Divergence of physical interactions of paralogous genes in H. pylori and D. melanogaster
The analysis of evolution of molecular networks advocated in this paper requires a large (preferably genome-wide) and unbiased (i.e. no anthropogenic selection present in databases) dataset describing a molecular network in a given species. Apart from yeast, which is arguably the best studied model organism, system-wide two-hybrid physical interaction assays were published for a simple bacterium Helicobacter pylori [6], and a fly Drosophila melanogaster [7]. In Fig. 5 we used these two datasets to quantify the decay of the average interaction overlap as a function of amino-acid sequence similarly (see Fig. 3A for the same analysis in yeast.) The correlation between Ω
int
and PID is highly statistically significant in both cases: the Pearson correlation of 0.43 (P-value around 3 × 10-4 for 65 data points) for H. pylori, and 0.19 (P-value around 10-26 for 2843 data points) in D. melanogaster.
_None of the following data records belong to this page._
Lemma regular_avoids_small T (Y : set T) (foot : T -> set E) :
  kap #<= Y -> (forall z, finite_set [set y | Y y /\ foot y z]) ->
  avoids_small Y foot.
Proof.
move=> kY fin X A g Z sA fg fZ; apply: contrapT => /forall2NP nex.
pose touch W := [set y | Y y /\ exists2 z, W z & foot y z].
have ftouch W : finite_set W -> finite_set (touch W).
  move=> fW; apply: (@sub_finite_set _ _ (\bigcup_(z in W) [set y | Y y /\ foot y z])).
    by move=> y [Yy [z Wz fz]]; exists z.
  by apply: bigcup_finite => // z _; apply: fin.
apply: (regular_no_finite_cover (g := touch \o g) kY sA _ (ftouch Z fZ)).
  by move=> x Ax; apply/ftouch/fg.
move=> y Yy; have [//|/eqP/set0P[z [fz [Zz|[x Ax gz]]]]] := nex y.
  by left; split => //; exists z.
by right; exists x => //; split => //; exists z.
Qed.

End RegularCardinal.

Definition path_end (T : Type) (q : seq T) (y : T) : Prop :=
  exists x r, q = x :: r /\ y = last x r.

Lemma path_end_mem (T : eqType) (q : seq T) y : path_end q y -> y \in q.
Proof. by move=> [x [r [-> ->]]]; apply: mem_last. Qed.

Lemma path_end_uniq (T : Type) (q : seq T) y y' :
  path_end q y -> path_end q y' -> y = y'.
Proof. by move=> [x [r [-> ->]]] [x' [r' [[<- <-] ->]]]. Qed.

Lemma ter_setP (T : choiceType) (P : set (seq T)) y :
  ter_set P y <-> exists2 q, P q & path_end q y.
Proof.
split => [[x [q [Pq ->]]]|[q Pq [x [r [qe ->]]]]].
  by exists (x :: q) => //; exists x, q.
by exists x, r; rewrite -qe.
Qed.

Definition petal_paths (T : eqType) (K : set T) (P : set (seq T)) (C : set T) :=
  [set q | P q /\ exists y, path_end q y /\ (C `\` K) y].

Definition petal_hull (T : eqType) (K : set T) (P : set (seq T)) (C : set T) :=
  (C `\` K) `|` \bigcup_(q in petal_paths K P C) [set x | x \in q].

Section Witness.
Variables (E : choiceType) (M N : set (set E)) (I JM JN : set E).
Let BM := I `|` JM.
Let BN := I `|` JN.
Hypothesis hM : finitary_matroid M.
Hypothesis JN_inf : infinite_set JN.
Hypothesis JN_reg : regular_card JN.

Lemma circuit_finite C : is_circuit M C -> finite_set C.
Proof. by case: hM => _; apply. Qed.

Section PathSystem.
Variable P : set (seq E).
Hypothesis hP : bpath_system M N BM BN JN P.

Lemma bpath_system_meet q q' x : P q -> P q' -> x \in q -> x \in q' -> q = q'.
Proof.
case: hP => _ _ hd Pq Pq' xq xq'; apply: contrapT => ne.
by have := hd _ _ Pq Pq' ne x xq; rewrite xq'.
Qed.

Lemma bpath_system_head q : P q -> exists x r, q = x :: r /\ JN x.
Proof.
case: hP => _ hb _ /hb; case: q => // x r [[Ix|JNx] nBMx _ _]; last by exists x, r.
by case: nBMx; left.
Qed.

Lemma JN_le_bpath_system : JN #<= P.
Proof. by case: hP => /card_esym/card_eqPle[]. Qed.

Lemma finite_petal_paths K C : finite_set (C `\` K) ->
  finite_set (petal_paths K P C).
Proof.
move=> fC; apply: (@sub_finite_set _ _
  (\bigcup_(y in C `\` K) [set q | P q /\ path_end q y])).
  by move=> q [Pq [y [ty Cy]]]; exists y.
apply: bigcup_finite => // y _; apply: finite_subsingleton => q q' [Pq tq] [Pq' tq'].
exact: bpath_system_meet Pq Pq' (path_end_mem tq) (path_end_mem tq').
Qed.

Lemma finite_petal_hull K C : finite_set C -> finite_set (petal_hull K P C).
Proof.
move=> fC; have fCK := finite_setD K fC; rewrite /petal_hull finite_setU; split => //.
by apply: bigcup_finite; [apply: finite_petal_paths|move=> q _; apply: finite_seq].
Qed.

Lemma bpath_system_avoids_small : avoids_small JN P (fun q => [set x | x \in q]).
Proof.
apply: (regular_avoids_small JN_inf JN_reg JN_le_bpath_system) => z.
apply: finite_subsingleton => q q' [Pq zq] [Pq' zq'].
exact: bpath_system_meet Pq Pq' zq zq'.
Qed.

End PathSystem.

(* Common generalisation of popular sets and of circuits, the latter with
   [D := [set C]] and any b-path-system [P]. *)
Definition delta_witness K D P := [/\ finite_set K,
  (forall C, D C -> is_circuit M C /\ K `<=` C),
  (forall C, D C -> C `\` K `<=` I `|` ter_set P),
  bpath_system M N BM BN JN P & avoids_small JN D (petal_hull K P)].

Lemma circuit_delta_witness C P : is_circuit M C -> bpath_system M N BM BN JN P ->
  delta_witness C [set C] P.
Proof.
move=> Cc hP; split => //; first exact: circuit_finite.
- by move=> _ ->; split.
- by move=> _ -> x [].
move=> X A g Z _ _ _; exists C => //; apply/disjointP => y.
by move=> [[]|[q [_ [z [_ []]]]]].
Qed.

Section Popular.
Variables (K : set E) (P : set (seq E)) (D : set (set E)).
Hypothesis hP : bpath_system M N BM BN JN P.
Hypothesis hD : D #= JN.
Hypothesis hDc : forall C, D C -> is_circuit M C.
Hypothesis hDK : forall C1 C2, D C1 -> D C2 -> C1 <> C2 -> C1 `&` C2 = K.
Hypothesis hDp : forall C, D C -> C `\` K `<=` I `|` ter_set P.

Lemma JN_le_delta : JN #<= D.
Proof. by have /card_eqPle[] := card_esym hD. Qed.

Lemma delta_kernel_sub C : D C -> K `<=` C.
Proof.
move=> DC; have [C2 [DC2 ne]] : exists C2, D C2 /\ C2 <> C.
  apply: contrapT => hn; apply: JN_inf.
  have onlyC X : D X -> X = C by move=> DX; apply: contrapT => nX; apply: hn; exists X.
  apply: card_le_finite JN_le_delta (finite_subsingleton _) => C1 C2 D1 D2.
  by rewrite (onlyC _ D1) (onlyC _ D2).
by rewrite -(hDK DC DC2 (nesym ne)) => x [].
Qed.

Lemma delta_petal_uniq C1 C2 y : D C1 -> D C2 -> (C1 `\` K) y -> (C2 `\` K) y ->
  C1 = C2.
Proof.
move=> D1 D2 [y1 yK] [y2 _]; apply: contrapT => ne.
by apply: yK; rewrite -(hDK D1 D2 ne).
Qed.

Lemma delta_hull_finite_touch z :
  finite_set [set C | D C /\ petal_hull K P C z].
Proof.
apply: (@sub_finite_set _ _ ([set C | D C /\ (C `\` K) z] `|`
  [set C | D C /\ exists2 q, P q & z \in q /\ exists y, path_end q y /\ (C `\` K) y])).
  by move=> C [DC [Cz|[q [Pq qC] zq]]]; [left|right; split => //; exists q].
rewrite finite_setU; split; apply: finite_subsingleton.
  by move=> C1 C2 [D1 h1] [D2 h2]; apply: delta_petal_uniq h1 h2.
move=> C1 C2 [D1 [q1 P1 [z1 [y1 [t1 c1]]]]] [D2 [q2 P2 [z2 [y2 [t2 c2]]]]].
have eq := bpath_system_meet hP P1 P2 z1 z2; subst q2.
by rewrite (path_end_uniq t1 t2) in c1; apply: delta_petal_uniq c1 c2.
Qed.

Lemma popular_delta_witness : delta_witness K D P.
Proof.
have [C0 DC0] := infinite_setN0 (fun fD => JN_inf (card_le_finite JN_le_delta fD)).
split => //.
- exact: sub_finite_set (delta_kernel_sub DC0) (circuit_finite (hDc DC0)).
- by move=> C DC; split; [apply: hDc|apply: delta_kernel_sub].
- exact: (regular_avoids_small JN_inf JN_reg JN_le_delta delta_hull_finite_touch).
Qed.

End Popular.

Section Triples.
Variables (K0 K1 : set E) (D0 D1 : set (set E)) (P0 P1 : set (seq E)).
Hypothesis w0 : delta_witness K0 D0 P0.
Hypothesis w1 : delta_witness K1 D1 P1.

Definition triple := (set E * set E * seq E)%type.

Definition triple_hull (t : triple) :=
  petal_hull K0 P0 t.1.1 `|` petal_hull K1 P1 t.1.2 `|` [set x | x \in t.2].

Definition admissible (t : triple) := [/\ D0 t.1.1, D1 t.1.2, P0 t.2 &
  [/\ petal_hull K0 P0 t.1.1 `&` petal_hull K1 P1 t.1.2 = set0,
      [set x | x \in t.2] `&` (petal_hull K0 P0 t.1.1 `|` petal_hull K1 P1 t.1.2) = set0
    & triple_hull t `&` (K0 `|` K1) = set0]].

Definition disjoint_family (S : set triple) :=
  (forall t, S t -> admissible t) /\
  (forall t u, S t -> S u -> t <> u -> triple_hull t `&` triple_hull u = set0).

Lemma disjoint_family_hull_eq S t u y : disjoint_family S -> S t -> S u ->
  triple_hull t y -> triple_hull u y -> t = u.
Proof.
move=> [_ dj] St Su ty uy; apply: contrapT => ne.
by have /disjointP/(_ y ty uy) := dj _ _ St Su ne.
Qed.

Lemma admissible_finite_hull t : admissible t -> finite_set (triple_hull t).
Proof.
case: w0 w1 t => _ hc0 _ hP0 _ [_ hc1 _ hP1 _] [[C C'] p] [/= DC DC' _ _].
rewrite /triple_hull 2!finite_setU; split; [split|exact: finite_seq];
  apply: finite_petal_hull => //; apply: circuit_finite.
  by case: (hc0 _ DC).
by case: (hc1 _ DC').
Qed.

Lemma admissible_head x0 t : admissible t ->
  JN (head x0 t.2) /\ triple_hull t (head x0 t.2).
Proof.
case: w0 t => _ _ _ hP0 _ [[C C'] p] [_ _ /= Pp _].
have [x [r [-> Jx]]] := bpath_system_head hP0 Pp.
by split => //; right; rewrite /= inE eqxx.
Qed.

Lemma disjoint_family_sub S S' : disjoint_family S -> S' `<=` S -> disjoint_family S'.
Proof.
by move=> [adm dj] S'S; split => [t /S'S/adm|t u /S'S St /S'S Su]; [|apply: dj].
Qed.

Lemma disjoint_family_card_le S : disjoint_family S -> S #<= JN.
Proof.
have [x0 _] := infinite_setN0 JN_inf.
move=> hS; apply: (card_le_of_inj (f := fun t => head x0 t.2)); last first.
  by move=> t /hS.1/(admissible_head x0)[].
move=> t u /set_mem St /set_mem Su htu; apply: (disjoint_family_hull_eq hS St Su).
  exact: (admissible_head x0 (hS.1 _ St)).2.
by rewrite htu; exact: (admissible_head x0 (hS.1 _ Su)).2.
Qed.

Lemma disjoint_family_chain (F : set (set triple)) :
  F `<=` disjoint_family -> total_on F subset ->
  disjoint_family (\bigcup_(X in F) X).
Proof.
move=> Fd tot; split => [t [X FX Xt]|t u [X FX Xt] [Y FY Yu] ne].
  exact: (Fd X FX).1.
have [XY|YX] := tot X Y FX FY; first by apply: (Fd Y FY).2 => //; apply: XY.
by apply: (Fd X FX).2 => //; apply: YX.
Qed.

(* Avoid successively the hulls of [S] by a circuit of [D0], then by a
   circuit of [D1], and finally by a path of [P0]. *)
Lemma admissible_avoiding S : disjoint_family S -> card_lt S JN ->
  exists2 t, admissible t & triple_hull t `&` \bigcup_(u in S) triple_hull u = set0.
Proof.
move=> [adm _] sS; have fH u : S u -> finite_set (triple_hull u).
  by move/adm; apply: admissible_finite_hull.
case: w0 w1 => fK0 hc0 _ hP0 av0 [fK1 hc1 _ hP1 av1].
have fK : finite_set (K0 `|` K1) by rewrite finite_setU.
have [C DC /disjointP hC] := av0 _ _ _ _ sS fH fK.
have fC : finite_set (petal_hull K0 P0 C).
  by apply: finite_petal_hull => //; apply: circuit_finite; case: (hc0 _ DC).
have fZ1 : finite_set (K0 `|` K1 `|` petal_hull K0 P0 C) by rewrite finite_setU.
have [C' DC' /disjointP hC'] := av1 _ _ _ _ sS fH fZ1.
have fC' : finite_set (petal_hull K1 P1 C').
  by apply: finite_petal_hull => //; apply: circuit_finite; case: (hc1 _ DC').
have fZ2 : finite_set (K0 `|` K1 `|` petal_hull K0 P0 C `|` petal_hull K1 P1 C').
  by rewrite finite_setU.
have [p Pp /disjointP hp] := bpath_system_avoids_small hP0 sS fH fZ2.
exists (C, C', p).
  split => //; split; apply/disjointP => /=.
  - by move=> y y0 y1; apply: (hC' y y1); left; right.
  - by move=> y yp [y0|y1]; apply: (hp y yp); left; [left; right|right].
  - move=> y [[y0|y1]|yp] yK.
    + by apply: (hC y y0); left.
    + by apply: (hC' y y1); left; left.
    + by apply: (hp y yp); left; left; left.
apply/disjointP => y [[y0|y1]|yp] yS;
  [apply: (hC y y0)|apply: (hC' y y1)|apply: (hp y yp)]; by right.
Qed.

Lemma large_disjoint_family : exists S, disjoint_family S /\ JN #<= S.
Proof.
have [S [hS maxS]] := Zorn_bigcup disjoint_family_chain.
exists S; split => //; apply: contrapT => nJS.
have [t adm_t /disjointP tS] :=
  admissible_avoiding hS (conj (disjoint_family_card_le hS) nJS).
have [x0 _] := infinite_setN0 JN_inf; have [_ tHx] := admissible_head x0 adm_t.
have nSt : ~ S t by move=> St; apply: (tS _ tHx); exists t.
apply: (maxS (S `|` [set t])).
  split; first exact: subsetUl.
  by move=> St; apply: nSt; apply: (St t); right.
split => [u [/hS.1|->]//|u v [Su|->] [Sv|->] ne].
- exact: hS.2.
- by apply/disjointP => y yu yv; apply: (tS y yv); exists u.
- by apply/disjointP => y yt yv; apply: (tS y yt); exists v.
- by case: ne.
Qed.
Our basic conclusions agree for all quite diverse organisms used in this study: paralogous proteins are much more likely to share binding partners than expected by pure chance alone. Furthermore, the number of common interaction partners goes down as PID of their amino acid sequences decreases. In the yeast and H. pylori we see the evidence of an initial plateau at which the average overlap appears to be independent of PID. On the other hand in the fly there is no evidence of such plateau, which makes the average rate of loss of common binding partners (about 4.5% for every 1% of change in PID) quite high in this organism. However, in the absence of system-wide data on transcription factors' binding in the fly and H. pylori we could not quantify rates of upstream changes in these two organisms, and consequently cannot compare them to the corresponding downstream rates.